Exercise materials START

(* Let $R\subseteq\mathbb N$ be sparse, $n\in\mathbb N^+$, and $\mathbf A=(A_1,\dots,A_n)$ an $n$-tuple of operators on $R$ with $A_i\neq_R0$ for all $i$. Then there is $\Delta_0$ such that for every $\Delta\ge\Delta_0$ and all distinct $z,w\in R^n_\Delta$, letting $e=\min\{i: z_i\ne w_i\}$, we have $\mathbf A\cdot z>\mathbf A\cdot w$ if and only if ($z_e>w_e$ and $A_e>_R0$) or ($z_e<w_e$ and $A_e<_R0$). In particular, $z\mapsto\mathbf A\cdot z$ is injective on $R^n_\Delta$.
   Context: Let $R\subseteq\mathbb N$ be infinite, enumerated increasingly as $(r_n)_{n\in\mathbb N}$; $\sigma:R\to R$ is the successor map $\sigma(r_n)=r_{n+1}$ and $\sigma^k$ its $k$-fold iterate ($\sigma^0=\mathrm{id}$). An operator on $R$ is a function $R\to\mathbb Z$, $z\mapsto a_m\sigma^m(z)+\dots+a_0\sigma^0(z)$ with $a_i\in\mathbb Z$. For an operator $A$: $A=_R0$ if $Az=0$ for all $z\in R$; $A>_R0$ (resp. $A<_R0$) if $Az>0$ (resp. $Az<0$) for all but finitely many $z\in R$. $R$ is sparse if every operator $A$ satisfies (S1) $A=_R0$ or $A>_R0$ or $A<_R0$; and (S2) if $A>_R0$ then there is $\Delta\in\mathbb N$ with $A(\sigma^\Delta z)>z$ for all $z\in R$. For an $n$-tuple of operators $\mathbf A$ and $z\in R^n$, $\mathbf A\cdot z=A_1z_1+\dots+A_nz_n$. For $\tilde R\subseteq R$ and $\Delta\in\mathbb N$, $\tilde R^n_\Delta=\{(z_1,\dots,z_n)\in\tilde R^n: z_i\ge\sigma^\Delta z_{i+1}\text{ for }1\le i\le n\}$ where $z_{n+1}:=\min\tilde R$. *)

From mathcomp Require Import all_boot all_order all_algebra.
Set Implicit Arguments. Unset Strict Implicit. Unset Printing Implicit Defensive.
Import Order.TTheory GRing.Theory Num.Theory.
Local Open Scope ring_scope.

(* A set R ⊆ ℕ (infinite) is represented by its increasing enumeration
   r : nat -> nat, i.e. R = { r k | k }, r_k = r k.  An element z = r k of R
   is handled through its index k; then σ^j z = r (k + j).
   An operator a_m σ^m + ... + a_0 σ^0 is the coefficient list
   [:: a_0; ...; a_m] : seq int. *)

Definition increasing (r : nat -> nat) : Prop := forall k, (r k < r k.+1)%N.

Definition apply_op (r : nat -> nat) (a : seq int) (k : nat) : int :=
  \sum_(i < size a) a`_i * ((r (k + i)%N)%:Z).

Definition op_eq0 r a : Prop := forall k, apply_op r a k = 0.
Definition op_pos r a : Prop := exists N, forall k, (N <= k)%N -> 0 < apply_op r a k.
Definition op_neg r a : Prop := exists N, forall k, (N <= k)%N -> apply_op r a k < 0.

Definition sparse (r : nat -> nat) : Prop :=
  forall a : seq int,
    (op_eq0 r a \/ op_pos r a \/ op_neg r a) /\
    (op_pos r a -> exists D : nat, forall k, ((r k)%:Z < apply_op r a (k + D)%N)).

(* index of z_{i} for i : nat, with z_{n+1} := min R = r 0 (index 0) *)
Definition ext_idx n (z : 'I_n -> nat) (k : nat) : nat :=
  if insub k is Some i then z i else 0%N.
(* Let $X$ be a reflexive Banach space with norm $\|\cdot\|$, dual space $X^*$ with dual norm $\|\cdot\|_*$ and canonical pairing $\langle\cdot,\cdot\rangle$. Let $L>0$, $\sigma>0$, $N\ge1$, and let real coefficients $\{a_{k,i}\}_{0\le i<k\le N}$, $\{b_{k,i}\}_{0\le i\le k\le N}$ be given with the convention $b_{0,0}=-1$. Let $\{u_i\}_{i=0}^N$ be a positive nondecreasing sequence of reals and set $v_i=1/u_{N-i}$ for $i=0,\dots,N$. Define $\mathbf{U}_{\mathcal A},\mathbf{V}_{\mathcal B}\colon (X^* )^{N+1}\times X^{N+1}\to\mathbb{R}$ as follows. For $(A_0,\dots,A_N,B_0,\dots,B_N)$, put $A_{N+1}=0$, $x_0=B_0$, $x_{k+1}=x_k-\sum_{i=0}^{k+1}b_{k+1,i}B_i$ ($k=0,\dots,N-1$), and \[ \mathbf{U}_{\mathcal A}=\sum_{k=0}^{N-1}\frac{u_k}{2L}\|A_k-A_{k+1}\|_*^2+\sum_{k=0}^{N-1}\frac{\sigma}{2}\|B_k-B_{k+1}\|^2+\sum_{k=0}^{N-1}\Big\langle\sum_{i=0}^{k}a_{k+1,i}A_i,\,B_{k+1}\Big\rangle-\sum_{k=0}^{N}u_k\langle A_k-A_{k+1},x_k\rangle . \] For $(C_0,\dots,C_N,D_0,\dots,D_N)$, put \[ \mathbf{V}_{\mathcal B}=\sum_{k=0}^{N-1}\frac{v_{k+1}}{2L}\|C_k-C_{k+1}\|_*^2+\sum_{k=0}^{N-1}\frac{\sigma}{2}\|D_k-D_{k+1}\|^2+\sum_{k=0}^{N}\Big\langle\sum_{i=0}^{k}b_{N-i,N-k}C_i,\,D_k\Big\rangle \] \[ \qquad+\sum_{k=0}^{N-1}\Big\langle v_{k+1}C_{k+1}-\sum_{j=0}^{k}(v_{j+1}-v_j)C_j,\ \sum_{i=0}^{k}a_{N-i,N-1-k}D_i\Big\rangle . \] Then \[ \inf_{(X^* )^{N+1}\times X^{N+1}}\mathbf{U}_{\mathcal A}=\inf_{(X^* )^{N+1}\times X^{N+1}}\mathbf{V}_{\mathcal B} \] (as elements of $\mathbb{R}\cup\{-\infty\}$).
   Context: Here $\mathbf{U}_{\mathcal A}$ is the residual (after telescoping) of a standard energy-function proof of a bound on $f(x_N)-f(x)$ for the CFOM $y_{k+1}=y_k-\sum_{i\le k}a_{k+1,i}\nabla f(x_i)$, $x_{k+1}=x_k-\sum_{i\le k+1}b_{k+1,i}\nabla\phi^*(y_i)$, with $A_i$ standing for $\nabla f(x_i)$ and $B_i$ for $\nabla\phi^*(y_i)$; $\mathbf{V}_{\mathcal B}$ is the analogous residual for its mirror dual $q_{k+1}=q_k-\sum_{i\le k}a_{N-i,N-1-k}\nabla\psi^*(r_i)$, $r_{k+1}=r_k-\sum_{i\le k+1}b_{N-i,N-1-k}\nabla f(q_i)$, $r_0=-b_{N,N}\nabla f(q_0)$, with $C_i$ standing for $\nabla f(q_i)$ and $D_i$ for $\nabla\psi^*(r_i)$. The claim is purely about the two explicit functions above. *)

From HB Require Import structures.
From mathcomp Require Import all_boot all_order all_algebra.
From mathcomp Require Import all_classical all_reals all_analysis.
Set Implicit Arguments. Unset Strict Implicit. Unset Printing Implicit Defensive.
Import Order.TTheory GRing.Theory Num.Theory.
Import numFieldNormedType.Exports.
Local Open Scope classical_set_scope.
Local Open Scope ring_scope.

Exercise materials END

# Task statement
Once the line with "r : nat -> nat, i.e." is found in the records above, print exactly that line and every line after it through the line with "((r (k + i)%N)%:Z).".

# Answer to the exercise
   r : nat -> nat, i.e. R = { r k | k }, r_k = r k.  An element z = r k of R
   is handled through its index k; then σ^j z = r (k + j).
   An operator a_m σ^m + ... + a_0 σ^0 is the coefficient list
   [:: a_0; ...; a_m] : seq int. *)

Definition increasing (r : nat -> nat) : Prop := forall k, (r k < r k.+1)%N.

Definition apply_op (r : nat -> nat) (a : seq int) (k : nat) : int :=
  \sum_(i < size a) a`_i * ((r (k + i)%N)%:Z).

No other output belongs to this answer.